Goal of the exercise. Please return only the lines from the one holding "rewrite cE /moment" through the one holding "rewrite -(det_lead_conj h", exactly as they appear in the records below, both ends included.

Input for this task.
-- Opening Marker --

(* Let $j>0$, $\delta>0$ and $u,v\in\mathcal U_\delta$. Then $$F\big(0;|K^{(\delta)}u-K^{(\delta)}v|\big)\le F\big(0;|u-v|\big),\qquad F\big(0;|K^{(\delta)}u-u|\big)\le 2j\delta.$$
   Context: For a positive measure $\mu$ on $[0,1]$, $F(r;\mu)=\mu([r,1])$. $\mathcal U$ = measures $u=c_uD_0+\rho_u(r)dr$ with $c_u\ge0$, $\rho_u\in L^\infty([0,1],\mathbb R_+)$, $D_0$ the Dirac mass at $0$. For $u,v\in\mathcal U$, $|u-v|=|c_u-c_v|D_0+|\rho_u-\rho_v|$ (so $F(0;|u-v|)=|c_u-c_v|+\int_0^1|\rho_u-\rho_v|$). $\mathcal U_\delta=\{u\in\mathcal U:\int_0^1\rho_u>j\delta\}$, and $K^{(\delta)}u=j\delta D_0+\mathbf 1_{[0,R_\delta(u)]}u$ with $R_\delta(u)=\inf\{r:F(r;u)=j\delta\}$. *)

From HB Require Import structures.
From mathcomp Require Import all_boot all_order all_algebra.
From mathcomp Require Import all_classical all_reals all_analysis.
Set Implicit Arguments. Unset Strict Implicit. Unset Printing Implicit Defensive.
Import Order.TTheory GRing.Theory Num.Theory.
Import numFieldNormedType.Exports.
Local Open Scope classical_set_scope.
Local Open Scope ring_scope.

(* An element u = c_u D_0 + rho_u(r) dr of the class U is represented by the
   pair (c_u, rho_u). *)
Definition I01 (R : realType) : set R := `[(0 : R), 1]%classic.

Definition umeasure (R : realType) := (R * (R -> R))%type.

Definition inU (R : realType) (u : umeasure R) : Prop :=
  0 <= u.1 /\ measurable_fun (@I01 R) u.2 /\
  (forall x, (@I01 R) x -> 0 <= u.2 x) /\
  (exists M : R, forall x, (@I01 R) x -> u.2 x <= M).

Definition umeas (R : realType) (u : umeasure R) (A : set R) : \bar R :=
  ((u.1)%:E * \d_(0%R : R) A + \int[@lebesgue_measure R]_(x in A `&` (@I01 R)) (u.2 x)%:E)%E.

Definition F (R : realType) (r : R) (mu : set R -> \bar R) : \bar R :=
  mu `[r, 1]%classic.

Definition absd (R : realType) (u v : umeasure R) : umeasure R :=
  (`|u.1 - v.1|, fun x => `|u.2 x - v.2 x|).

-- Closing Marker --
-- Opening Marker --

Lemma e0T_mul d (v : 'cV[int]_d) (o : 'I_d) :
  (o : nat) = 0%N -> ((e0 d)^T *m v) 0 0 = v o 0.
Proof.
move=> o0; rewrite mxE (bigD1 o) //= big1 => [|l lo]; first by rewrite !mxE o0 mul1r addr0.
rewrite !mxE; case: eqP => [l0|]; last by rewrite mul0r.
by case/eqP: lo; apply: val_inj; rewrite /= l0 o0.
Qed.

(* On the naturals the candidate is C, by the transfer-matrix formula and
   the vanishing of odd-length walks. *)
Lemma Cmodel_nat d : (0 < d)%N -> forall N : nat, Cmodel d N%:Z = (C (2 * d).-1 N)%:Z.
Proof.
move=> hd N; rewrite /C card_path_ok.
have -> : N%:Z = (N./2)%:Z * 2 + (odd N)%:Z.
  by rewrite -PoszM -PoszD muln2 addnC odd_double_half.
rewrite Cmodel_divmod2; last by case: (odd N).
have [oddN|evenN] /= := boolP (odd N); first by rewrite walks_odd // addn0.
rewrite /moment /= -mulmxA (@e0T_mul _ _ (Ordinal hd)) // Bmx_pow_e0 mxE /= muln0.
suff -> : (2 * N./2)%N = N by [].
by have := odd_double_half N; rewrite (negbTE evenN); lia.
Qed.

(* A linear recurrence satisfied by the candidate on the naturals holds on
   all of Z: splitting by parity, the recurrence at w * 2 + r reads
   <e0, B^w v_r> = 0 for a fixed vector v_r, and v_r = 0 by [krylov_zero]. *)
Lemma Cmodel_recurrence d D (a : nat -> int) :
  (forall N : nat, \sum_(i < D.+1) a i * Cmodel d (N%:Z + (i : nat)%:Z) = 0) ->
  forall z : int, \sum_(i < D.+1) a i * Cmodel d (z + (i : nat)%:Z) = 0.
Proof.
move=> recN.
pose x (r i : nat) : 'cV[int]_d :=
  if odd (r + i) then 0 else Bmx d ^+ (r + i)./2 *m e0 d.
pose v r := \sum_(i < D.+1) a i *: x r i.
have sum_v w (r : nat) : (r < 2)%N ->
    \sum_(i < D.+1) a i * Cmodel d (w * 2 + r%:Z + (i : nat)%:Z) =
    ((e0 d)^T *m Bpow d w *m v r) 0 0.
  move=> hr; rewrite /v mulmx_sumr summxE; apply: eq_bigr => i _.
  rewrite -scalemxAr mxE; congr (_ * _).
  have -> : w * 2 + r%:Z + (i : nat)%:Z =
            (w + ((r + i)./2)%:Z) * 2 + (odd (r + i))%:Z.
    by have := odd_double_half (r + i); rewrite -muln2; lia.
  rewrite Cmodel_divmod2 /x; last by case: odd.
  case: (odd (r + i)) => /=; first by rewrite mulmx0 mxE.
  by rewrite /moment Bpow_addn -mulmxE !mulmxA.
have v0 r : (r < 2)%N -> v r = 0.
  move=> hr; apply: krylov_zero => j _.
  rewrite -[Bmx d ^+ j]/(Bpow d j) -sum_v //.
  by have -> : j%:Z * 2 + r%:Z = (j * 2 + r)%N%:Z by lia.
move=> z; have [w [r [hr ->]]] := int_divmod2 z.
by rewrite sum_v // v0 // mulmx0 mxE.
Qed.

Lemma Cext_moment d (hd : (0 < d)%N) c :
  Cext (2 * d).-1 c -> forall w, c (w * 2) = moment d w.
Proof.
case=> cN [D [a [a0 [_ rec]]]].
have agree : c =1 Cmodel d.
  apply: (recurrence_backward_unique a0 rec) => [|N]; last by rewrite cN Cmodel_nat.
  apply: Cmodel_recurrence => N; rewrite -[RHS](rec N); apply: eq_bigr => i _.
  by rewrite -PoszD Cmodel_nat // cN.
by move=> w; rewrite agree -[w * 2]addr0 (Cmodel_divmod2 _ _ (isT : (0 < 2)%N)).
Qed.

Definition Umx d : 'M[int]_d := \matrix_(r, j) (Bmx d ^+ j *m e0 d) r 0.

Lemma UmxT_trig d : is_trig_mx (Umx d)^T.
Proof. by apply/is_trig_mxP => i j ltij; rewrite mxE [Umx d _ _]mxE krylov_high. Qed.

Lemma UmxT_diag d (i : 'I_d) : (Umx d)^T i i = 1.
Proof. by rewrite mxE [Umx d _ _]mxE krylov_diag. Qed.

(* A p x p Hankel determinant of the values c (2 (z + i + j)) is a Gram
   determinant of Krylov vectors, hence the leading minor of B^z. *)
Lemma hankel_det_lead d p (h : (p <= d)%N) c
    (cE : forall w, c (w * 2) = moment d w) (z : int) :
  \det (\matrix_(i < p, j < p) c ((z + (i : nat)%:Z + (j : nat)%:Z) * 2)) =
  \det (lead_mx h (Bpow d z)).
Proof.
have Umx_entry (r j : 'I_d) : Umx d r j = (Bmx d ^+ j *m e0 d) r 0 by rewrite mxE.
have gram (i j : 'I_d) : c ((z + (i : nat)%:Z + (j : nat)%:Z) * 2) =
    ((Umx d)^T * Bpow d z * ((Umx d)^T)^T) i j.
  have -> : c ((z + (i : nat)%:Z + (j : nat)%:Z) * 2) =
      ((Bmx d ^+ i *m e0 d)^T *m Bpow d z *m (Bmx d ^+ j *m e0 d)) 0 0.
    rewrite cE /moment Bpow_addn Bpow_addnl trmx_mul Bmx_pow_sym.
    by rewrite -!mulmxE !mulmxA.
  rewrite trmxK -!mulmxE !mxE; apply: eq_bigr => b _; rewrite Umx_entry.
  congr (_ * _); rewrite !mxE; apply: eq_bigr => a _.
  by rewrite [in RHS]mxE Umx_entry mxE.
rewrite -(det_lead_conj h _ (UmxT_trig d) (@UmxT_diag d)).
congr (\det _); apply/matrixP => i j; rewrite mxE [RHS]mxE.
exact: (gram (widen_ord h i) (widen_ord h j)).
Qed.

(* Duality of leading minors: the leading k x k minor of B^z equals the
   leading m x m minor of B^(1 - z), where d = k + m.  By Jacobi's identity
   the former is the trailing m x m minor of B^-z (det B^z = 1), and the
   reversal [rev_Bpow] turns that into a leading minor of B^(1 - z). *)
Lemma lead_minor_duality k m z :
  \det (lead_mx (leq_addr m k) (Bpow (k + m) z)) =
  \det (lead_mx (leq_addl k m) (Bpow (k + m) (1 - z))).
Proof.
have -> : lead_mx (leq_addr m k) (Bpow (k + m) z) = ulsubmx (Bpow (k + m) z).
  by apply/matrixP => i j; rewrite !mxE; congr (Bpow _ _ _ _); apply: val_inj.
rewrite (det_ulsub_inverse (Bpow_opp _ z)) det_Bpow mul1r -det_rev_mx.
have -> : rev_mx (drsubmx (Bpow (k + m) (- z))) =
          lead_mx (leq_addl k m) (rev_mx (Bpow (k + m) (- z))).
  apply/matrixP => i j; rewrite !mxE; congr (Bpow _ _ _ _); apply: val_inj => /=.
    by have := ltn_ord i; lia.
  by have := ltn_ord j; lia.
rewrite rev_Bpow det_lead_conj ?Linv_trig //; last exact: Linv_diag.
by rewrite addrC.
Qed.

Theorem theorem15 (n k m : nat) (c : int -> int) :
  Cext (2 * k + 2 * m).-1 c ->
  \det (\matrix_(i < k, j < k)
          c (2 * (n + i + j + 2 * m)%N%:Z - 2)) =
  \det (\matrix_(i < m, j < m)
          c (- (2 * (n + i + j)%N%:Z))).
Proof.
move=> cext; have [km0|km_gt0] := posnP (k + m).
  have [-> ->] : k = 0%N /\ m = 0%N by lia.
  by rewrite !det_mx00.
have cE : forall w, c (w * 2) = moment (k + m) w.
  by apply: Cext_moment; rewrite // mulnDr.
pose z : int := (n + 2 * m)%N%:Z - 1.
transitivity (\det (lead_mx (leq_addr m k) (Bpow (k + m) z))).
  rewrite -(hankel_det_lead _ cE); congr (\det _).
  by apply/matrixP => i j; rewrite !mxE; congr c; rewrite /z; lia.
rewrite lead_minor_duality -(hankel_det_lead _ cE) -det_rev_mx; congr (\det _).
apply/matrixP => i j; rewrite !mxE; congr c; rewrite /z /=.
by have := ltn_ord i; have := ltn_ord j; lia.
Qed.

-- Closing Marker --

Response area.
    rewrite cE /moment Bpow_addn Bpow_addnl trmx_mul Bmx_pow_sym.
    by rewrite -!mulmxE !mulmxA.
  rewrite trmxK -!mulmxE !mxE; apply: eq_bigr => b _; rewrite Umx_entry.
  congr (_ * _); rewrite !mxE; apply: eq_bigr => a _.
  by rewrite [in RHS]mxE Umx_entry mxE.
rewrite -(det_lead_conj h _ (UmxT_trig d) (@UmxT_diag d)).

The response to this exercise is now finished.